In short, all these considerations regarding the management of Guidance And of the Profit Warnings, are aimed at promoting transparency and credibility when it comes to sharing the company's development prospects, with all the caveats that this implies, in which the Investor Relations function plays an undisputed role.

References

White, F. (2020): Where is the Equity Story of the Spanish listed company? , Studies and articles, Spanish Stock Exchanges and Markets (BME), https://n9.cl/93en1

Copeland, T., and Dolgoff, A., (2005): Outperform with Expectations Based Management, Wiley.
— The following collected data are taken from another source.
(* Let $m$ be a positive integer with at least two distinct prime divisors. Then the difference graph $\mathcal{D}(\mathbb{Z}_m)$ is empty (has no edges) if and only if $m=pq$ where $p$ and $q$ are two distinct primes.
   Context: For a finite group $G$ with identity $e$: the intersection power graph $\mathcal{G}_I(G)$ has vertex set $G$, two distinct non-identity vertices $x,y$ being adjacent iff $\langle x\rangle\cap\langle y\rangle\neq\{e\}$, and $e$ being adjacent to every other vertex. The power graph $\mathcal{P}(G)$ has vertex set $G$, two distinct vertices being adjacent iff one is a power of the other. The difference graph $\mathcal{D}(G)$ is the graph on vertex set $G$ with edge set $E(\mathcal{G}_I(G))\setminus E(\mathcal{P}(G))$, with all isolated vertices removed. $\mathbb{Z}_m$ is the cyclic group of order $m$. *)

From mathcomp Require Import all_boot all_fingroup all_algebra.
Set Implicit Arguments. Unset Strict Implicit. Unset Printing Implicit Defensive.
Local Open Scope group_scope.

Definition ipg_adj (gT : finGroupType) (x y : gT) : bool :=
  (x != y) && [|| x == 1, y == 1 | <[x]> :&: <[y]> != 1].

Definition pg_adj (gT : finGroupType) (x y : gT) : bool :=
  (x != y) && ((x \in <[y]>) || (y \in <[x]>)).

(* Edges of the difference graph D(G) = G_I(G) minus P(G)
   (removing isolated vertices does not affect the edge set). *)
Definition diff_adj (gT : finGroupType) (x y : gT) : bool :=
  ipg_adj x y && ~~ pg_adj x y.

Definition diff_graph_empty (gT : finGroupType) : Prop :=
  forall x y : gT, ~~ diff_adj x y.

From mathcomp Require Import all_boot all_fingroup all_algebra.
From mathcomp Require Import all_solvable.

Set Implicit Arguments.
Unset Strict Implicit.
Unset Printing Implicit Defensive.

(* If m = pq, every element of Z_m has order 1, p, q or pq; an element of
   prime order lies in every cyclic subgroup it meets nontrivially, and an
   element of order pq generates everything, so intersection adjacency
   implies power adjacency.  Conversely, if pq divides m properly, some
   prime r makes pqr divide m; swapping p and q if r = q, the elements of
   orders pq and pr share the subgroup of order p, yet neither order
   divides the other, so they form an edge of the difference graph. *)

Lemma dvdn_mul_prime2 (p q d : nat) : prime p -> prime q -> d %| p * q ->
  [|| d == 1, d == p, d == q | d == p * q].
Proof.
move=> p_pr q_pr; have [p_d | p_nd] := boolP (p %| d).
  rewrite -(divnK p_d) mulnC dvdn_pmul2l ?prime_gt0 //.
  by case/primeP: q_pr => _ /[apply] /orP[] /eqP ->; rewrite ?muln1 eqxx ?orbT.
rewrite Gauss_dvdr; last by rewrite coprime_sym prime_coprime.
by case/primeP: q_pr => _ /[apply] /orP[] ->; rewrite ?orbT.
Qed.

Lemma exists_prime_mul_dvdn (d m : nat) : 0 < m -> d %| m -> d != m ->
  exists2 r, prime r & d * r %| m.
Proof.
move=> m_gt0 d_m d_neq_m; have k_gt1 : 1 < m %/ d.
  rewrite -(divnK d_m) in m_gt0 d_neq_m.
  by case: (m %/ d) m_gt0 d_neq_m => [|[|k]] //; rewrite mul1n eqxx.
exists (pdiv (m %/ d)); first exact: pdiv_prime.
by rewrite -{2}(divnK d_m) mulnC dvdn_pmul2r ?pdiv_dvd // (dvdn_gt0 m_gt0).
Qed.

Lemma two_primes_dvdn (m : nat) : 1 < size (primes m) ->
  exists p q, [/\ prime p, prime q, p != q & p * q %| m].
Proof.
case E: (primes m) (primes_uniq m) => [|p [|q s]] //.
move=> /andP[/norP[p_neq_q _] _] _.
have [p_pr _ p_dvd] : [/\ prime p, 0 < m & p %| m].
  by apply/and3P; rewrite -mem_primes E inE eqxx.
have [q_pr _ q_dvd] : [/\ prime q, 0 < m & q %| m].
  by apply/and3P; rewrite -mem_primes E !inE eqxx orbT.
exists p, q; split=> //; rewrite Gauss_dvd ?p_dvd //.
by rewrite prime_coprime // dvdn_prime2.
Qed.

Local Open Scope group_scope.

Section DifferenceGraph.

Variable gT : finGroupType.
Implicit Types x y z g : gT.

Lemma orderX_divn g (d : nat) : (d %| #[g])%N -> #[g ^+ (#[g] %/ d)] = d.
Proof.
by move=> d_g; rewrite orderXdiv ?dvdn_div // divnA // mulKn.
Qed.

Lemma order_dvdn_mem_cycle g x y : x \in <[g]> -> y \in <[g]> ->
  (#[y] %| #[x])%N -> y \in <[x]>.
Proof.
move=> gx gy; rewrite -cycle_subG.
by rewrite -(cardSg_cyclic (cycle_cyclic g)) ?cycle_subG.
Qed.

Lemma diff_adj_of_common x y z : z != 1 -> z \in <[x]> -> z \in <[y]> ->
  ~~ (#[x] %| #[y])%N -> ~~ (#[y] %| #[x])%N -> diff_adj x y.
Proof.
move=> z_neq1 xz yz x_ndvd y_ndvd.
have mem_ndvd (u v : gT) : ~~ (#[u] %| #[v])%N -> u \notin <[v]>.
  by apply: contra; rewrite -cycle_subG => /cardSg.
have x_neq_y : x != y by apply: contraNneq x_ndvd => ->.
rewrite /diff_adj /ipg_adj /pg_adj x_neq_y.
rewrite (negbTE (mem_ndvd _ _ x_ndvd)) (negbTE (mem_ndvd _ _ y_ndvd)) /= andbT.
apply/orP; right; apply/orP; right.
by apply/trivgPn; exists z; rewrite ?inE ?xz.
Qed.

Lemma exists_diff_adj_cycle g (p q r : nat) :
  prime p -> prime q -> prime r -> q != r -> (p * q * r %| #[g])%N ->
  exists x y : gT, diff_adj x y.
Proof.
move=> p_pr q_pr r_pr q_neq_r pqr_g.
have p_gt0 := prime_gt0 p_pr.
have pq_g : (p * q %| #[g])%N by apply: dvdn_trans pqr_g; apply: dvdn_mulr.
have pr_g : (p * r %| #[g])%N.
  by apply: dvdn_trans pqr_g; rewrite mulnAC dvdn_mulr.
have p_g : (p %| #[g])%N by apply: dvdn_trans pq_g; apply: dvdn_mulr.
set x := g ^+ (#[g] %/ (p * q)); set y := g ^+ (#[g] %/ (p * r)).
set z := g ^+ (#[g] %/ p).
have [[ox oy] oz] := (orderX_divn pq_g, orderX_divn pr_g, orderX_divn p_g).
exists x, y; apply: (@diff_adj_of_common _ _ z).
- by rewrite -order_eq1 oz gtn_eqF ?prime_gt1.
- apply: (order_dvdn_mem_cycle (mem_cycle g _)); first exact: mem_cycle.
  by rewrite oz ox dvdn_mulr.
- apply: (order_dvdn_mem_cycle (mem_cycle g _)); first exact: mem_cycle.
  by rewrite oz oy dvdn_mulr.
- by rewrite ox oy dvdn_pmul2l // dvdn_prime2.
- by rewrite ox oy dvdn_pmul2l // dvdn_prime2 // eq_sym.
Qed.

Lemma diff_graph_empty_card_mul_prime2 (p q : nat) :
  prime p -> prime q -> #|gT| = (p * q)%N -> diff_graph_empty gT.
Proof.
move=> p_pr q_pr cardG x y; apply/negP; rewrite /diff_adj /ipg_adj /pg_adj.
case/andP=> /andP[-> /= adj]; apply/negP/negPn.
have [-> | x_neq1] := eqVneq x 1; first by rewrite group1.
rewrite (negbTE x_neq1) /= in adj.
case/orP: adj => [/eqP -> | meet]; first by rewrite group1 orbT.
have /(dvdn_mul_prime2 p_pr q_pr) : (#[x] %| p * q)%N.
  by rewrite -cardG -cardsT order_dvdG ?inE.
case/or4P=> /eqP ox.
- by rewrite -order_eq1 ox eqxx in x_neq1.
- by rewrite -cycle_subG prime_meetG // -orderE ox.
- by rewrite -cycle_subG prime_meetG // -orderE ox.
- have -> : <[x]> = [set: gT].
    by apply/eqP; rewrite eqEcard subsetT cardsT -orderE ox cardG leqnn.
  by rewrite in_setT orbT.
Qed.

End DifferenceGraph.

Local Close Scope group_scope.

(* 'Z_m is the cyclic group Z_m under addition (m >= 2 here, since m has
   at least two distinct prime divisors). *)
Theorem theorem4p3 (m : nat) :
  0 < m -> 2 <= size (primes m) ->
  (diff_graph_empty 'Z_m <->
   exists p q : nat, [/\ prime p, prime q, p != q & m = p * q]).
Proof.
case: m => [|[|n]] // _ /two_primes_dvdn [p [q [p_pr q_pr p_neq_q pq_m]]].
split=> [empty | [p' [q' [p'_pr q'_pr _ m_eq]]]]; last first.
  apply: (diff_graph_empty_card_mul_prime2 p'_pr q'_pr).
  by rewrite card_ord m_eq.
exists p, q; split=> //; apply/eqP; rewrite eq_sym; apply: contraT => pq_neq.
have [r r_pr pqr_m] := exists_prime_mul_dvdn (ltn0Sn _) pq_m pq_neq.
rewrite -(order_Zp1 n.+1) in pqr_m.
have [x [y xy]] : exists x y : 'Z_n.+2, diff_adj x y.
  have [q_eq_r | q_neq_r] := eqVneq q r.
    rewrite -q_eq_r (mulnC p) in pqr_m.
    exact: (exists_diff_adj_cycle q_pr p_pr q_pr p_neq_q pqr_m).
  exact: (exists_diff_adj_cycle p_pr q_pr r_pr q_neq_r pqr_m).
by have := empty x y; rewrite xy.
Qed.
HEY, (2021): EY quarterly analysis of UK profit warning, Q4 2020, Ernst & Young Global Limited, https://www.ey.com/en_uk/strategy-transactions/profit-warnings

Finno, A. and Brush, M. (2013): Guidance Practices and Preferences at NIRI White Paper. National Investor Relations Institute.

Fuller, J. and Jensen, M.C., (2002): Just Say No to Wall Street, Monitor Company and M.C. Jensen.


Author

Francisco Blanco Bermúdez is a founding partner of the consultancy firm Sigma Rocket and academic director of the Advanced Investor Relations Course organized by the BME Institute. Doctor in Business Economics with a Cum Laude mention, and a degree in Economic and Business Sciences, both from the UAM, he is considered to be one of the main authorities in the discipline of Investor Relations, both professionally and academically.